> Work instruction: Nothing but the lines from the one with "From mathcomp Require Import zify." down to the one with "count (fun v => p v && q" should be returned, exactly and with both ends included, from the material below.

====== Data supplied

(* There is a deterministic max-finding algorithm that, given $n$ elements, uses $O(n)$ comparisons and outputs an element $x$ with $x \ge x^* - \log_2\log_2 n$, where $x^*$ is the maximum value of an input element (i.e., it has error at most $\log_2\log_2 n$).
   Context: Model of imprecise comparisons: there are $n$ elements, each with a fixed unknown real value; we identify an element with its value. Asked to compare $x_i$ and $x_j$, the comparator answers either ''$x_i \ge x_j$'' or ''$x_j \ge x_i$''. If $|x_i-x_j|>1$ the answer is correct; if $|x_i-x_j|\le 1$ the answer is arbitrary (possibly adversarial and adaptive). The guarantee and comparison bound hold for every input and every comparator behaviour consistent with these rules. *)

From mathcomp Require Import ssreflect ssrfun ssrbool eqtype ssrnat fintype.
From Stdlib Require Import Reals.
Set Implicit Arguments.
Unset Strict Implicit.
Unset Printing Implicit Defensive.
Open Scope R_scope.

Definition log2 (y : R) : R := ln y / ln 2.

(* A deterministic comparison-based algorithm on n elements (indexed by 'I_n)
   is a decision tree.  [Cmp i j tge tle] asks the comparator about x_i, x_j:
   on answer "x_i >= x_j" it continues with [tge], on answer "x_j >= x_i"
   with [tle].  [Leaf k] outputs element k. *)
Inductive ctree (n : nat) : Type :=
| Leaf : 'I_n -> ctree n
| Cmp : 'I_n -> 'I_n -> ctree n -> ctree n -> ctree n.

(* The answer "x_i >= x_j" is admissible for the imprecise comparator iff it is
   correct or |x_i - x_j| <= 1 (then the answer is arbitrary). *)
Definition admissible_ge (x_i x_j : R) : Prop := Rabs (x_i - x_j) <= 1 \/ x_j <= x_i.

(* [run x t k c]: for input values x, some comparator behaviour consistent with
   the model (possibly adversarial and adaptive) drives the tree t to output k
   after exactly c comparisons. *)
Inductive run (n : nat) (x : 'I_n -> R) : ctree n -> 'I_n -> nat -> Prop :=
| run_leaf k : run x (Leaf k) k 0
| run_ge i j tge tle k c :
    admissible_ge (x i) (x j) -> run x tge k c -> run x (Cmp i j tge tle) k c.+1
| run_le i j tge tle k c :
    admissible_ge (x j) (x i) -> run x tle k c -> run x (Cmp i j tge tle) k c.+1.

(* Stage [t] cuts the surviving candidates into groups of size [2 ^ h_t], with
   [h_t] about [16 * 2 ^ t], plays a round robin inside each group and keeps a
   dominating set of the resulting tournament, built greedily from the players
   with most wins; since each chosen player beats at least half of the players
   not yet dominated, it has at most [h_t + 1] elements. All answers are correct
   up to 1 and every discarded candidate loses to a kept one, so a stage costs at
   most 1 in value, and the king of a final round robin (who beats every player
   directly or through one intermediate) costs at most 2. Stage [t] makes
   [2 ^ h_t] comparisons per candidate and divides the number of candidates by
   about [2 ^ (h_t - t - 6)]; these exponents grow so fast that stage [t] costs
   O(n / 2 ^ t), and after about [log2 log2 n - 4] stages only O(sqrt n)
   candidates remain, whose round robin costs O(n). *)

From Stdlib Require Import Reals Lra.
From mathcomp Require Import ssreflect ssrfun ssrbool eqtype ssrnat seq fintype prime.
From mathcomp Require Import zify.
Set Implicit Arguments. Unset Strict Implicit. Unset Printing Implicit Defensive.
Local Open Scope nat_scope.

Lemma sumn_map_add (T : Type) (f g : T -> nat) s :
  sumn (map (fun u => f u + g u) s) = sumn (map f s) + sumn (map g s).
Proof. by elim: s => //= a s ->; rewrite addnACA. Qed.

Lemma sub_in_count (T : eqType) (p q : pred T) s :
  {in s, forall v, p v -> q v} -> count p s <= count q s.
Proof.
move=> pq; rewrite -(eq_in_count (a1 := fun v => (v \in s) && p v)) => [|v vs].
  by apply: sub_count => v /andP[vs /pq]; apply.
by rewrite /= vs.
Qed.

Lemma count_and_split (T : Type) (p q : pred T) s :
  count (fun v => p v && q v) s + count (fun v => p v && ~~ q v) s = count p s.
Proof. by elim: s => //= a s <-; case: (p a); case: (q a) => /=; lia. Qed.

Lemma sumn_map_leq (T : eqType) (f : T -> nat) s M :
  {in s, forall v, f v <= M} -> sumn (map f s) <= size s * M.
Proof.
elim: s => //= a s IH le_fM; rewrite mulSn leq_add ?le_fM ?mem_head //.
by apply: IH => v vs; apply: le_fM; rewrite inE vs orbT.
Qed.

Section Tournaments.
Variable T : eqType.
Implicit Types (beats : rel T) (s : seq T) (a u v y : T).

Definition antisym_on beats s :=
  {in s &, forall u v, u != v -> beats u v = ~~ beats v u}.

============

> Written answer:
From mathcomp Require Import zify.
Set Implicit Arguments. Unset Strict Implicit. Unset Printing Implicit Defensive.
Local Open Scope nat_scope.

Lemma sumn_map_add (T : Type) (f g : T -> nat) s :
  sumn (map (fun u => f u + g u) s) = sumn (map f s) + sumn (map g s).
Proof. by elim: s => //= a s ->; rewrite addnACA. Qed.

Lemma sub_in_count (T : eqType) (p q : pred T) s :
  {in s, forall v, p v -> q v} -> count p s <= count q s.
Proof.
move=> pq; rewrite -(eq_in_count (a1 := fun v => (v \in s) && p v)) => [|v vs].
  by apply: sub_count => v /andP[vs /pq]; apply.
by rewrite /= vs.
Qed.

Lemma count_and_split (T : Type) (p q : pred T) s :
  count (fun v => p v && q v) s + count (fun v => p v && ~~ q v) s = count p s.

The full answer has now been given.